Vancouver-based industrial laser manufacturer nLIGHT released its first-quarter financial results Wednesday, posting better-than-expected numbers in light of the novel coronavirus pandemic.
Revenue for the first quarter was reported at $43.2 million, a 3.2 percent year-over-year gain, with a gross margin of 22 percent, compared with 32.3 percent in the first quarter of 2019.
nLIGHT was among the first local businesses to feel the impact of the novel coronavirus, due to the company’s large manufacturing and sales presence in China. In February, local travel restrictions delayed the resumption of operations at nLIGHT’s Shanghai manufacturing facility following the Chinese New Year holiday in February.
nLIGHT’s end-of-year 2019 financial report predicted that the company would take an $8 million hit compared with the original expectations for the first quarter of 2020, due to the impact of the viral outbreak.
The company also announced last month that its executive officers would all reduce their salaries by varying degrees for six months. Regular bonuses and salary increases have also been postponed, chief financial officer Ran Bareket said in a Wednesday conference call with investors.
The actual impact proved to be less severe than the company had feared, according to CEO Scott Keeney. There were initially concerns about major supply chain disruptions in China, he said, but the Shanghai factory was able to return to full strength relatively quickly.
Supply chain disruptions and consumer demand problems did crop up as the virus spread across the globe, Bareket said, but both impacts were smaller than expected.
“Demand is holding up across most of the markets we serve,” Keeney said on the investor call.
Keeney said he didn’t have an exact number to compare with the $8 million loss estimate, but that the economic damage definitely proved to be lower than the company had forecast.
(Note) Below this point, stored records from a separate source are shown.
Definition next_potentialL i b c : rat :=
  \sum_(t <- all_words [:: 0; 1; 2]%N n | nth 0 t i == c)
    others_probL i b t * potentialL i (stepL b t).

Definition potential_step_ok i b c : bool :=
  (potentialL i b - 1 <= next_potentialL i b c) &&
  ((c == 0)%N || (next_potentialL i b c == potentialL i b - 1)).

Definition potential_ok : bool :=
  all (fun b => all (fun i => nth false b i ==> all (potential_step_ok i b) (iota 0 3))
                    (iota 0 n))
      (all_words [:: false; true] n).

Lemma potential_okP b i c : potential_ok -> size b = n -> (i < n)%N -> nth false b i ->
  (c < 3)%N -> potential_step_ok i b c.
Proof.
move=> /allP ok sz_b lt_in b_i lt_c3.
have /ok/allP/(_ i) : b \in all_words [:: false; true] n.
  by rewrite mem_all_words sz_b eqxx; apply/allP => -[].
by rewrite mem_iota lt_in b_i => /(_ isT)/allP; apply; rewrite mem_iota.
Qed.

End ListModel.

Lemma potential_ok_234 n : n \in [:: 2; 3; 4]%N -> potential_ok n.
Proof.
rewrite /potential_ok /potential_step_ok /next_potentialL /others_probL unlock.
by rewrite !inE => /or3P[] /eqP ->; vm_compute.
Qed.

Section Encoding.
Variable n : nat.

Definition pendingL (s : state n 2) : seq bool := [seq s j != None | j <- enum 'I_n].
Definition actionsL (a : profile n 2) : seq nat := [seq val (a j) | j <- enum 'I_n].
Definition profile_of_word (w : seq nat) : profile n 2 :=
  [ffun j : 'I_n => inord (nth 0 w j)].

Local Notation words := (all_words [:: 0; 1; 2]%N n).

Lemma size_pendingL s : size (pendingL s) = n.
Proof. by rewrite size_map size_enum_ord. Qed.

Lemma nth_pendingL s (j : 'I_n) : nth false (pendingL s) j = (s j != None).
Proof. by rewrite (nth_map j) ?size_enum_ord // nth_ord_enum. Qed.

Lemma nth_actionsL a (j : 'I_n) : nth 0 (actionsL a) j = a j.
Proof. by rewrite (nth_map j) ?size_enum_ord // nth_ord_enum. Qed.

Lemma actionsL_word a : actionsL a \in words.
Proof.
rewrite mem_all_words size_map size_enum_ord eqxx /=.
by apply/allP => _ /mapP[j _ ->]; case: (a j) => -[|[|[]]].
Qed.

Lemma nth_word_lt3 w j : w \in words -> (nth 0 w j < 3)%N.
Proof.
rewrite mem_all_words => /andP[_ /allP w_in].
have [lt_jw|] := ltnP j (size w); last by move=> /(nth_default 0) ->.
by have := w_in _ (mem_nth 0 lt_jw); rewrite !inE => /or3P[] /eqP ->.
Qed.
The growth in revenue was driven primarily by sales to the aerospace and defense market, Keeney said, which accounted for 39 percent of revenue in the quarter. nLIGHT’s other two big markets, microfabrication and industrial, both saw year-over-year declines.
The industrial market was down 12 percent year-over-year, Keeney said, but he attributed that in part to the impact of COVID-19-related business shutdowns in China, and said those conditions improved as the quarter progressed.
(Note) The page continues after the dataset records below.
Lemma dagger_head_le :
  (1 - dsa) * l2norm (dagger D *m restr head x) `^ q <=
    (1 + da) * (Num.sqrt L)^-1 `^ q * (a%:R `^ (q / 2 - 1) * tail_mass).
Proof.
have [[/andP [da0 _] RIPa_bound] [_ RIPsa_bound]] := (RIPa, RIPsa).
have head_card : (#|head| <= s + a)%N.
  by rewrite (leq_trans (leq_card_setU _ _)) // leq_add // Tcard geq_minl.
apply: le_trans (RIPsa_bound _ (sparse_restr x head_card)).1 _.
have split_x : x = restr head x + restr tail x.
  by rewrite {1}(restr_setC head x) /head /tail finset.setCU -finset.setDE.
have -> : A *m (dagger D *m restr head x) = - (A *m (dagger D *m restr tail x)).
  apply/eqP; rewrite -addr_eq0 -!mulmxDr -split_x (dagger_trmx frameD).
  by rewrite Ah.
rewrite lqnormqN mulrA.
apply: (@tail_le (fun v => lqnormq q (A *m (dagger D *m v)))) => [|u v|T' T'a].
- by rewrite mulr_ge0 ?powR_ge0 // addr_ge0.
- by rewrite !mulmxDr lqnormqD_le.
apply: le_trans (RIPa_bound _ (sparse_restr x T'a)).2 _.
rewrite -mulrA ler_wpM2l ?addr_ge0 // -powRM ?l2norm_ge0 //.
rewrite ler_powR2r ?mulr_ge0 ?l2norm_ge0 // ler_pdivlMl ?sqrtr_gt0 //.
  exact: l2norm_dagger_le frameD _.
by case: frameD.
Qed.

Let tail_bound := (a%:R `^ (q / 2 - 1) * tail_mass) `^ q^-1.
Lemma tail_mass_ge0 : 0 <= tail_mass.
Proof. by rewrite sumr_ge0 // => i _; apply: powR_ge0. Qed.

Lemma tail_bound_powR : tail_bound `^ q = a%:R `^ (q / 2 - 1) * tail_mass.
Proof. by rewrite powRVK ?gt_eqF // mulr_ge0 ?powR_ge0 ?tail_mass_ge0. Qed.

Lemma l2norm_head_tail :
  l2norm x ^+ 2 = l2norm (restr head x) ^+ 2 + l2norm (restr tail x) ^+ 2.
Proof.
rewrite -{1}(restrT x) !l2norm_restr_sqr (big_setID head) /=.
by rewrite finset.setTI finset.setTD /head /tail finset.setCU -finset.setDE.
Qed.

Lemma l2norm_sqr_le_head_tail :
  l2norm x ^+ 2 <= l2norm (restr head x) ^+ 2 + tail_bound ^+ 2.
Proof.
rewrite l2norm_head_tail lerD2l ler_sqr ?nnegrE ?l2norm_ge0 ?powR_ge0 //.
by rewrite -(ler_powR2r q0) ?l2norm_ge0 ?powR_ge0 // tail_bound_powR l2norm_tail_le.
Qed.

Lemma l2norm_head_sqr_le :
  l2norm (restr head x) ^+ 2 <= cond_rip_factor (U / L) da dsa q * tail_bound * l2norm x.
Proof.
have [L0 [LU _]] := frameD; have [/andP [_ dsa1] _] := RIPsa.
have U0 : 0 <= U by apply: le_trans (ltW L0) LU.
have [/andP [da0 _] _] := RIPa.
set c := (1 + da) / (1 - dsa).
have c0 : 0 <= c by apply: divr_ge0; [rewrite addr_ge0 | rewrite subr_ge0 ltW].
rewrite l2norm_restr_sqr -vdot_restr.
apply: le_trans (vdot_analysis_le frameD h (restr head x)) _.
rewrite ler_wpM2r ?l2norm_ge0 // /cond_rip_factor (sqrtrM _ U0) (sqrtrV (ltW L0)).
rewrite -!mulrA ler_wpM2l ?sqrtr_ge0 // -(ler_powR2r q0) ?l2norm_ge0 //;
  last by rewrite !mulr_ge0 ?powR_ge0.
rewrite (powRM _ sqrtL_inv_ge0 (mulr_ge0 (powR_ge0 _ _) (powR_ge0 _ _))).
rewrite (powRM _ (powR_ge0 _ _) (powR_ge0 _ _)) powRVK ?gt_eqF // tail_bound_powR -/c.
rewrite -(ler_pM2l (_ : 0 < 1 - dsa)) ?subr_gt0 //; apply: le_trans dagger_head_le _.
suff -> : (1 - dsa) * ((Num.sqrt L)^-1 `^ q * (c * (a%:R `^ (q / 2 - 1) * tail_mass))) =
  (1 + da) * (Num.sqrt L)^-1 `^ q * (a%:R `^ (q / 2 - 1) * tail_mass) by [].
by rewrite /c; field; rewrite subr_eq0 gt_eqF.
Qed.

Lemma sum_powR_S_le :
  \sum_(i in S) `|x i ord0| `^ q <= s%:R `^ (1 - q / 2) * l2norm (restr head x) `^ q.
Proof.
have q2_gt0 : 0 < q / 2 by rewrite divr_gt0.
have q2_lt1 : q / 2 < 1.
  by rewrite ltr_pdivrMr //; apply: le_lt_trans q1 _; rewrite mul1r ltr1n.
under eq_bigr => i _ do rewrite -powR_sqr_half.
apply: le_trans (sum_powR_le _ (fun i => sqr_ge0 _) q2_gt0 q2_lt1) _.
apply: ler_pM; rewrite ?powR_ge0 //.
  by rewrite ler_powR2r ?ler0n // ?ler_nat // subr_gt0.
rewrite -[l2norm _]ger0_norm ?l2norm_ge0 // -powR_sqr_half l2norm_restr_sqr.
rewrite ler_powR2r ?sumr_ge0 // => [|i _|i _]; rewrite ?sqr_ge0 //.
rewrite /head [X in _ <= X](big_setID S) /= (finset.setIidPr (finset.subsetUl S T)).
rewrite lerDl.
by rewrite sumr_ge0 // => i _; apply: sqr_ge0.
Qed.

Lemma tail_bound_powR_le E :
  \sum_(i in ~: S) `|x i ord0| `^ q <= \sum_(i in S) `|x i ord0| `^ q + 2 * E ->
  tail_bound `^ q <= (sparsity_factor (s%:R / a%:R) q * l2norm (restr head x)) `^ q +
            2 * a%:R `^ (q / 2 - 1) * E.
Proof.
move=> cone; have ar : (0 : R) < a%:R by rewrite ltr0n.
have ae0 : 0 <= a%:R `^ (q / 2 - 1) by apply: powR_ge0.
rewrite tail_bound_powR powRM ?powR_ge0 ?l2norm_ge0 // sparsity_factor_powR ?divr_ge0 //.
rewrite powRM ?invr_ge0 ?ler0n // -(powR_inv1 (ltW ar)) -powRrM.
have -> : -1 * (1 - q / 2) = q / 2 - 1 by ring.
have tail_mass_le : tail_mass <= s%:R `^ (1 - q / 2) * l2norm (restr head x) `^ q + 2 * E.
  by apply: le_trans cone _; rewrite lerD2r sum_powR_S_le.
have := ler_wpM2l ae0 tail_mass_le; lra.
Qed.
Microfabrication saw a 28 percent year-over-year drop, which Keeney said came down to limited market activity for the end products in that category such as cars and electronics. There are signs of positive movement on the electronics side, he said, due to the growth of 5G cell phone networks.
The ongoing impact of COVID-19 makes it more difficult to develop financial estimates, Keeney said, but he pointed to the aerospace and defense market as an area where the company can be confident that there will be little impact apart from possible supply chain disruptions.
“The budgets that drive that demand are not affected directly,” he said.
Looking to the second quarter, Bareket said nLIGHT expects to see $41-55 million in revenue, with a gross margin of 21-25 percent. Those estimates are calculated to account for possible disruptions from COVID-19, he said.
Local operations
Keeney also discussed the company’s recent acquisition of a corporate campus in Camas formerly owned by electronics company Sharp, which nLIGHT intends to eventually use as a new headquarters.
Keeney said nLIGHT was drawn to the site because it can provide clean room, office and manufacturing space all in one location, and it’s big enough to give the company room to grow.
“We see this facility as a unique asset in the local area,” he said.
nLIGHT has already begun moving to the new building, he said, although the process will likely happen in phases and the company hasn’t finalized a full timeline for the transition. The company also hasn’t decided yet whether it will keep using its current facility in Vancouver in some capacity, he said.
nLIGHT is considered an essential business, so its local operations haven’t been interrupted by Washington’s statewide stay-at-home order, although Keeney said the company has switched as many people as possible to remote work and is following social distancing guidelines for the remainder.
One other big disruption to both local and global operations has been the lack of business travel, he said, because the pandemic has rendered international trips all but impossible.
“I think you can get by,” he said, “but no business will be able to operate as well without meeting people face-to-face.”